All the same, there was not a day since she’d visited the bawdyhouse in the woods that she wasn’t haunted by the memory of what she’d seen there. The man with the horn growing out of his scalp, the woman with hands attached to her elbows, the two-headed twins … The memory made her more than ever determined to do what she could for those whose troubles she could treat. Her charity and her surgical skills had improved the lives of the poorest women and children of the town, but this choking illness of the throat defeated her. On a Wednesday some three weeks into the siege she came home from the tanneries with her eyes red from weeping. “Solomon, this cannot be allowed to go on.”

He had been reading the
Gazette.
The paper reported a town on the long island where there were now only two children left alive. All the rest had been carried off by the bladders of the throat. “My dear girl, if it were in my power or that of anyone else in this province to stop it, the throat distemper would be gone by now. I take it you’ve had a particularly bad visit with your supplicants.”

“Horrid. Ada Carruthers … I’ve mentioned her before, haven’t I?”

“I believe so. The one with no husband and seven children.”

“Five. But she only has two left. Three choked to death this week. And none of the tanneries women have husbands. You of all people should understand how it is with them, Solomon, so don’t look at me in that fashion.”

They were in his second-floor study and Tilda, the black maid—Solomon never permitted anyone who worked for him to be referred to as a slave; even if they had been bought, he paid them all a wage—had delivered the tea tray. While she spoke Jennet was pouring the fragrant brew into large Spode cups. She used silver tongs to put two big chunks of brownish sugar in the one meant for her husband, and added a splash of milk. Solomon took the cup from her. “Thank you. And I shall look at you in whatever fashion I choose. I’m your husband. That’s my right.”

“My liege lord,” she said, managing a smile for the first time since she’d arrived home.

“Lord and master. Don’t forget the master part.”

“I shan’t. The master part is delicious.”

He took a swallow of the tea and smiled at her over the rim of the cup. “Jennet. Listen, my love. Don’t confuse those hags you fuss over with the women who work for me. My ladies are professional prostitutes. The crones who live in those shacks by the swamp beg in the streets and fornicate in any convenient doorway. They’re whores and drunks and frequently thieves. They spread disease and breed like rabbits. In any sane society they’d be locked away where they would be no threat to decent people.”

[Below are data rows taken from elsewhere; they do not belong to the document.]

Theorem lemma3p9 (n k : nat) (h : 'I_n -> seq 'I_k)
  (E E' : seq 'I_n * seq 'I_n) (lam : 'I_n -> int) :
  is_solution h E -> is_solution h E' ->
  (rank_of h).+1 = n ->
  (\big[gcdn/0%N]_(i < n) `|lam i|%N = 1%N) ->
  (forall u : 'rV[rat]_n,
      (u <= gammaM h)%MS <-> \sum_(i < n) (lam i)%:~R * u ord0 i = 0) ->
  (forall j l : 'I_n,
      mdvd (Xmon (lam_plus lam) - Xmon (lam_minus lam)) (t_EE E E' j l)) /\
  (forall beta : 'I_n -> nat,
      (\row_(i < n) ((beta i)%:R : rat) <= gammaM h)%MS ->
      exists c1 c2 : Qx, (c1 != 0 \/ c2 != 0) /\
        forall j : 'I_n,
          c1 * toQx (evalb beta (S_E E j)) + c2 * toQx (evalb beta (S_E E' j)) = 0).
Proof.
case: n h E E' lam => [//|r] h E E' lam solE solE' [rank_h] lam_prim Gamma_lam.
have dvd_t j l : mdvd (Xmon (lam_plus lam) - Xmon (lam_minus lam)) (t_EE E E' j l).
  exact: parikh_eval_kernel lam_prim Gamma_lam (parikh_eval_t_EE solE solE' rank_h j l).
split=> // beta /(nat_row_gamma_orth Gamma_lam) /evalb_binomial evalb_B.
apply: cross_eq_dependent => j l; apply: toQx_cross; apply/eqP.
have [q t_jl] := dvd_t j l.
have : evalb beta (t_EE E E' j l) = 0.
  by rewrite t_jl evalbE rmorphM -!evalbE evalb_B mulr0.
by rewrite /t_EE evalbE rmorphB !rmorphM -!evalbE => /eqP; rewrite subr_eq0.
Qed.
Lemma sigma_small (e : R) : 0 < e ->
  exists delta, 0 < delta /\ forall t, - delta < t < 0 -> sigma n a t < e.
Proof.
  intros He. assert (0 < INR n) by (apply lt_0_INR; lia). assert (0 < e ^ n) by (apply pow_lt; lra).
  exists (e ^ n / (INR n * a)). split; [apply Rdiv_lt_0_compat; nra|].
  intros t Ht. apply sigma_lt; try lra.
  apply Rmult_lt_reg_r with (/ (INR n * a)); [apply Rinv_0_lt_compat; nra|].
  replace (INR n * a * - t * / (INR n * a)) with (- t) by (field; lra). unfold Rdiv in Ht. lra.
Qed.

Lemma sigma_derive (t : R) : t < 0 -> derivable_pt_lim (sigma n a) t (- a * sigma n a t / sigma n a t ^ n).
Proof.
  intros Ht. assert (0 < INR n) by (apply lt_0_INR; lia).
  set (x := INR n * a * (- t)).
  assert (Hx : 0 < x) by (unfold x; apply Rmult_lt_0_compat; [apply Rmult_lt_0_compat|]; lra).
  apply derivable_pt_lim_eq with (fun s => Rpower (INR n * a * (- s)) (/ INR n))
    (/ INR n * Rpower x (/ INR n - 1) * (INR n * a * (-1))); [reflexivity | |].
  - rewrite sigma_pow by auto. fold x. unfold Rminus. rewrite Rpower_plus, Rpower_Ropp, Rpower_1 by auto.
    unfold sigma. fold x. pose proof (exp_pos (/ INR n * ln x)). unfold Rpower. field. split; lra.
  - apply (derivable_pt_lim_comp (fun s => INR n * a * (- s)) (fun u => Rpower u (/ INR n))).
    + apply derivable_pt_lim_eq with (fun s => INR n * a * (0 - id s)) (INR n * a * (0 - 1));
        [intros; unfold id; ring | ring |].
      apply derivable_pt_lim_scal, derivable_pt_lim_minus;
        [apply derivable_pt_lim_const | apply derivable_pt_lim_id].
    + now apply derivable_pt_lim_power.
Qed.

End Sigma.

Definition clamp (e s : R) : R := Rmax 0 (Rmin e s).

Lemma clamp_lipschitz (e s s' : R) : Rabs (clamp e s - clamp e s') <= Rabs (s - s').
Proof. unfold clamp, Rmax, Rmin. repeat destruct Rle_dec; unfold Rabs; repeat destruct Rcase_abs; lra. Qed.

Lemma clamp_range (e s : R) : 0 <= e -> 0 <= clamp e s <= e.
Proof. intros. unfold clamp, Rmax, Rmin. repeat destruct Rle_dec; lra. Qed.

Lemma clamp_id (e s : R) : 0 <= s <= e -> clamp e s = s.
Proof. intros. unfold clamp, Rmax, Rmin. repeat destruct Rle_dec; lra. Qed.

Lemma Cconj_mult_r_unit (P : C) : Cmod P = 1 -> (P * Cconj P)%C = RtoC 1.
Proof. intros H. rewrite <- Cmod2_conj, H. apply C_pair_eq; simpl; ring. Qed.

Section Profile.

Variable alpha : nat -> C.
Variable m : nat.
Variable P : C.
Variable a : R.
Hypothesis a_pos : 0 < a.
Hypothesis P_unit : Cmod P = 1.

(* The coefficients of degree [< m + 2] in the rotated, rescaled frame; see [cpoly_blowup]. *)
Definition lower_terms (s : R) (y : C) : C := (Cconj P * scaled_cpoly alpha (S m) s (P * y))%C.
(* For $\theta\in\mathbb{R}$ and $u\in\{0,1\}$ let $$\mathcal{H}^\theta_u=\frac{1}{\sqrt{2}}\begin{bmatrix}1 & 1\\ (-1)^u e^{i\theta} & (-1)^{u+1}e^{i\theta}\end{bmatrix}.$$ Then for all $\theta\in\mathbb{R}$ and all $u,v\in\{0,1\}$, $\mathcal{H}^\theta_u\lvert v\rangle=\mathcal{H}^\theta_v\lvert u\rangle$. Moreover, the one-qubit scheme $\Xi=(\mathcal{QE},\mathcal{QD})$ is correct: for every secret bit $s$, every angle $\theta$ and every message bit $b$, $\mathcal{QD}_{s,\theta}(\mathcal{QE}_{s,\theta}(b))=b$ with probability $1$.
   Context: $\{\lvert 0\rangle,\lvert 1\rangle\}$ is the computational basis. The scheme $\Xi=(\mathcal{QE},\mathcal{QD})$, with secret bit $s\in\{0,1\}$ and equatorial angle $\theta$, is defined as follows. $\mathcal{QE}_{s,\theta}(b)$, for a message bit $b\in\{0,1\}$: prepare $\lvert s\rangle$ and $\lvert b\rangle$, sample a uniformly random bit $r\in\{0,1\}$, and output the pair of qubits $(\lvert c_0\rangle,\lvert c_1\rangle)=(\mathcal{H}^\theta_r\lvert s\rangle,\mathcal{H}^\theta_r\lvert b\rangle)$. $\mathcal{QD}_{s,\theta}(\lvert c_0\rangle,\lvert c_1\rangle)$: apply $(\mathcal{H}^\theta_s)^\dagger$ to $\lvert c_0\rangle$ and measure in the computational basis to obtain a bit $r$; then apply $(\mathcal{H}^\theta_r)^\dagger$ to $\lvert c_1\rangle$, measure in the computational basis to obtain a bit, and output it. *)

From HB Require Import structures.
From mathcomp Require Import all_boot all_order all_algebra.
From mathcomp Require Import all_classical all_reals.
From mathcomp Require Import trigo.
From mathcomp Require Import complex.
Set Implicit Arguments. Unset Strict Implicit. Unset Printing Implicit Defensive.
Import Order.TTheory GRing.Theory Num.Theory.
Local Open Scope ring_scope.
Local Open Scope complex_scope.

Section QDefs.
Variable R : realType.
Local Notation C := (complex R).

Definition bidx (u : bool) : 'I_2 := inord u.

Definition ket (u : bool) : 'cV[C]_2 := delta_mx (bidx u) 0.

Definition expi (theta : R) : C := (cos theta) +i* (sin theta).

Definition Hmat (theta : R) (u : bool) : 'M[C]_2 :=
  \matrix_(i < 2, j < 2)
    (((Num.sqrt (2 : R))^-1)%:C *
     (if i == 0 :> nat then 1
      else (-1) ^+ (u + j)%N * expi theta)).

Definition adj (A : 'M[C]_2) : 'M[C]_2 := (map_mx Num.conj A)^T.

(* Born rule: probability of outcome k when measuring the (normalised) qubit
   state psi in the computational basis *)
Definition born (psi : 'cV[C]_2) (k : bool) : R := (Normc.normc (psi (bidx k) 0)) ^+ 2.

(* QE_{s,theta}(b): with probability 1/2 for each r, outputs the product state
   (H_r |s>, H_r |b>).
   QD_{s,theta}: apply (H_s)^dagger to c0, measure -> r'; apply (H_{r'})^dagger to
   c1, measure -> output bit.
   Since the ciphertext is a product state, the measurement on c1 is independent of
   that on c0 given r. *)
Definition QE_state (s theta : _) (b r : bool) : 'cV[C]_2 * 'cV[C]_2 :=
  (Hmat theta r *m ket s, Hmat theta r *m ket b).

Definition QD_prob (s : bool) (theta : R) (c : 'cV[C]_2 * 'cV[C]_2) (b' : bool) : R :=
  \sum_(r' : bool)
     born (adj (Hmat theta s) *m c.1) r' * born (adj (Hmat theta r') *m c.2) b'.

Definition QDQE_prob (s : bool) (theta : R) (b b' : bool) : R :=
  \sum_(r : bool) (1/2) * QD_prob s theta (QE_state s theta b r) b'.

End QDefs.

From HB Require Import structures.
From mathcomp Require Import all_boot all_order all_algebra.
From mathcomp Require Import all_classical all_reals.
From mathcomp Require Import trigo.
From mathcomp Require Import complex.
From mathcomp Require Import ring lra.
Import Order.TTheory GRing.Theory Num.Theory.
Local Open Scope ring_scope.
Local Open Scope complex_scope.

(** The column [H^θ_u |v>] is [(|0> + (-1)^(u+v) e^{iθ} |1>) / √2]: it depends
   only on [u (+) v], which gives the symmetry, and the two possible columns
   are orthonormal, so [(H^θ_s)^† H^θ_r |v> = |s (+) r (+) v>].  Hence the
   decryptor's first measurement returns [s (+) r (+) s = r] with certainty,
   and its second one returns [r (+) r (+) b = b]. *)

Section OneQubitScheme.
Variable R : realType.
Local Notation C := (complex R).

Lemma bidxE (k : bool) : nat_of_ord (bidx k) = k.
Proof. by rewrite /bidx inordK //; case: k. Qed.

Lemma bidx_neq0 (i : 'I_2) : bidx (i != ord0) = i.
Proof. by apply: val_inj; rewrite /= bidxE; case: i => -[|[|]]. Qed.

Lemma eq_bidx (k w : bool) : (bidx k == bidx w) = (k == w).
Proof. by apply/eqP/eqP => [/(congr1 val)|->] //=; rewrite !bidxE; case: k; case: w. Qed.

Lemma ketE (w : bool) (i : 'I_2) : ket R w i 0 = (i == bidx w)%:R.
Proof. by rewrite mxE andbT. Qed.

Lemma Hmat_ketE (theta : R) (u v : bool) (i : 'I_2) :
  (Hmat theta u *m ket R v) i 0 = Hmat theta u i (bidx v).
Proof. by rewrite /ket -colE mxE. Qed.

Lemma Hmat_ket_sym (theta : R) (u v : bool) :
  Hmat theta u *m ket R v = Hmat theta v *m ket R u.
Proof.
apply/matrixP => i j; rewrite (ord1 j) !Hmat_ketE !mxE !bidxE.
by rewrite addnC.
Qed.

Lemma Num_conjE (x : C) : Num.conj x = x^*.
Proof. by []. Qed.

Lemma conjc_expi_mul (theta : R) : (expi theta)^* * expi theta = 1.
Proof.
apply/eqP; rewrite eq_complex /=; apply/andP; split; apply/eqP; last by ring.
by rewrite -(cos2Dsin2 theta); ring.
Qed.

Lemma inv_sqrt2_sqr : ((Num.sqrt (2 : R))^-1)%:C ^+ 2 = 2^-1 :> C.
Proof.
rewrite -rmorphXn /= exprVn sqr_sqrtr ?ler0n //.
by rewrite rmorphV ?unitfE ?pnatr_eq0 //= rmorph_nat.
Qed.

Lemma adj_Hmat_mul_Hmat_ket (theta : R) (s r v : bool) :
  adj (Hmat theta s) *m (Hmat theta r *m ket R v) = ket R (s (+) r (+) v).
Proof.
apply/matrixP => i j; rewrite (ord1 j) ketE -(bidx_neq0 i).
move: (i != ord0) => k; rewrite !mxE !big_ord_recl big_ord0 !Hmat_ketE !mxE !bidxE /=.
rewrite !rmorphM /= rmorphXn rmorphN1 !Num_conjE !conjc_real.
set c := ((Num.sqrt 2)^-1)%:C.
have -> : c * 1 * (c * 1) +
    (c * ((-1) ^+ (s + k) * (expi theta)^*) * (c * ((-1) ^+ (r + v) * expi theta)) + 0)
  = c ^+ 2 * (1 + (-1) ^+ (s + k) * (-1) ^+ (r + v) * ((expi theta)^* * expi theta))
  by ring.
rewrite inv_sqrt2_sqr conjc_expi_mul eq_bidx.
have two_neq0 : (2 : C) != 0 by rewrite pnatr_eq0.
by case: s; case: r; case: v; case: k => /=; field.
Qed.

Lemma born_ket (w k : bool) : born (ket R w) k = (k == w)%:R.
Proof.
rewrite /born ketE eq_bidx; case: (k == w).
  by rewrite Normc.normc1 expr1n.
by rewrite Normc.normc0 expr0n.
Qed.

Lemma QD_prob_QE_state (s : bool) (theta : R) (b r b' : bool) :
  QD_prob s theta (QE_state s theta b r) b' = (b' == b)%:R.
Proof.
rewrite /QD_prob /=.
under eq_bigr do rewrite !adj_Hmat_mul_Hmat_ket !born_ket.
by rewrite big_bool /=; case: s; case: r; case: b; case: b' => /=; lra.
Qed.

Lemma QDQE_probE (s : bool) (theta : R) (b b' : bool) :
  QDQE_prob s theta b b' = (b' == b)%:R.
Proof.
rewrite /QDQE_prob; under eq_bigr do rewrite QD_prob_QE_state.
by rewrite big_bool /=; lra.
Qed.

End OneQubitScheme.

Theorem theorem1 (R : realType) :
  (forall (theta : R) (u v : bool),
      Hmat theta u *m ket R v = Hmat theta v *m ket R u) /\
  (forall (s : bool) (theta : R) (b : bool), QDQE_prob s theta b b = 1).
Proof.
split=> [theta u v | s theta b]; first exact: Hmat_ket_sym.
by rewrite QDQE_probE eqxx; apply: mulr1n.
Qed.
(* Let $X_1,X_2,\dots$ be iid real random variables with common continuous distribution function $F$ having a (Lebesgue) density $f$. For integers $1\le j<k$ let $g_{j,k}$ be the density of $G_{j,k}(x):=\Pr(X_j\le x\mid X_j\text{ and }X_k\text{ are records})$, namely $g_{j,k}(x)=\frac{jk}{k-j}f(x)\left(F^{j-1}(x)-F^{k-1}(x)\right)$, and let $g_j$ be the density of $G_j(x):=\Pr(X_j\le x\mid X_j\text{ is a record})$, namely $g_j(x)=jf(x)F^{j-1}(x)$. Then \[ D_{KL}(g_{j,k},g_j)=\frac{j}{k}. \]
   Context: $X_m$ is a record if $X_m>\max(X_1,\dots,X_{m-1})$; $X_1$ is always a record. For densities $p,q$ the Kullback–Leibler divergence is $D_{KL}(p\|q)=\int_{-\infty}^{\infty}p(x)\log\frac{p(x)}{q(x)}\,dx$, and the Kullback–Leibler distance is $D_{KL}(p,q)=D_{KL}(p\|q)+D_{KL}(q\|p)$. *)

(* Lebesgue integrals over R are rendered by
   the Henstock--Kurzweil (gauge) integral, which is elementary to define and
   agrees with the Lebesgue integral on Lebesgue-integrable functions. *)
From Stdlib Require Import Reals Lra List.
Import ListNotations.
Open Scope R_scope.

(* A tagged partition of [x, b] is a list of (tag, right endpoint) pairs;
   [tagged_fine delta x b l] says l is a delta-fine tagged partition of [x,b]:
   consecutive points x = x0 < x1 < ... < xn = b, tags t_i in [x_{i-1}, x_i],
   and [x_{i-1}, x_i] is contained in (t_i - delta t_i, t_i + delta t_i). *)
Fixpoint tagged_fine (delta : R -> R) (x b : R) (l : list (R * R)) : Prop :=
  match l with
  | nil => x = b
  | (t, y) :: l' =>
      x < y /\ x <= t <= y /\ t - delta t < x /\ y < t + delta t /\
      tagged_fine delta y b l'
  end.

Fixpoint rsum (f : R -> R) (x : R) (l : list (R * R)) : R :=
  match l with
  | nil => 0
  | (t, y) :: l' => f t * (y - x) + rsum f y l'
  end.

Definition HK_int (f : R -> R) (a b I : R) : Prop :=
  forall eps, 0 < eps ->
    exists delta : R -> R, (forall t, 0 < delta t) /\
      forall l, tagged_fine delta a b l -> Rabs (rsum f a l - I) < eps.

(* Integral over (-oo, x]  (improper limit, Hake's theorem). *)
Definition HK_int_to (f : R -> R) (x I : R) : Prop :=
  (forall a, a <= x -> exists J, HK_int f a x J) /\
  forall eps, 0 < eps -> exists M, forall a J,
      a <= - M -> HK_int f a x J -> Rabs (J - I) < eps.

Definition HK_int_R (f : R -> R) (I : R) : Prop :=
  (forall a b, a <= b -> exists J, HK_int f a b J) /\
  forall eps, 0 < eps -> exists M, forall a b J,
      a <= - M -> M <= b -> HK_int f a b J -> Rabs (J - I) < eps.

Definition is_density_of (f F : R -> R) : Prop :=
  (forall x, 0 <= f x) /\ (forall x, HK_int_to f x (F x)) /\ HK_int_R f 1.

Definition kl_integrand (p q : R -> R) (x : R) : R :=
  if Req_dec_T (p x) 0 then 0 else p x * ln (p x / q x).

Definition KL_div (p q : R -> R) (d : R) : Prop := HK_int_R (kl_integrand p q) d.

Definition KL_dist (p q : R -> R) (d : R) : Prop :=
  exists d1 d2, KL_div p q d1 /\ KL_div q p d2 /\ d = d1 + d2.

“What horrid things to say! If you think that, why do you help them so much?”

“I don’t. You do.”

“Only through your good offices.”

“Yes, but I am good for your sake. Because, as you well know, I adore you. You are good for theirs. And for the life of me, I have never figured out why.”

“I’ve never been entirely sure myself,” she admitted. “But ever since I was a child, since I knew that some people have a much harder life than I and my family did in the worst of times … Particularly after—” She broke off. She’d never told Solomon about Martha Kincaid’s bawdyhouse, or what it contained, much less that she’d gone to visit.

“Yes?”

“Nothing.” Jennet sipped her tea, didn’t look at him. Solomon was looking at her with an expression that said he knew a great deal more than she’d ever told him. “Misery calls to me,” she whispered. “It makes me shiver inside. And when that happens I think if I don’t do something I shall die. And so I do it.”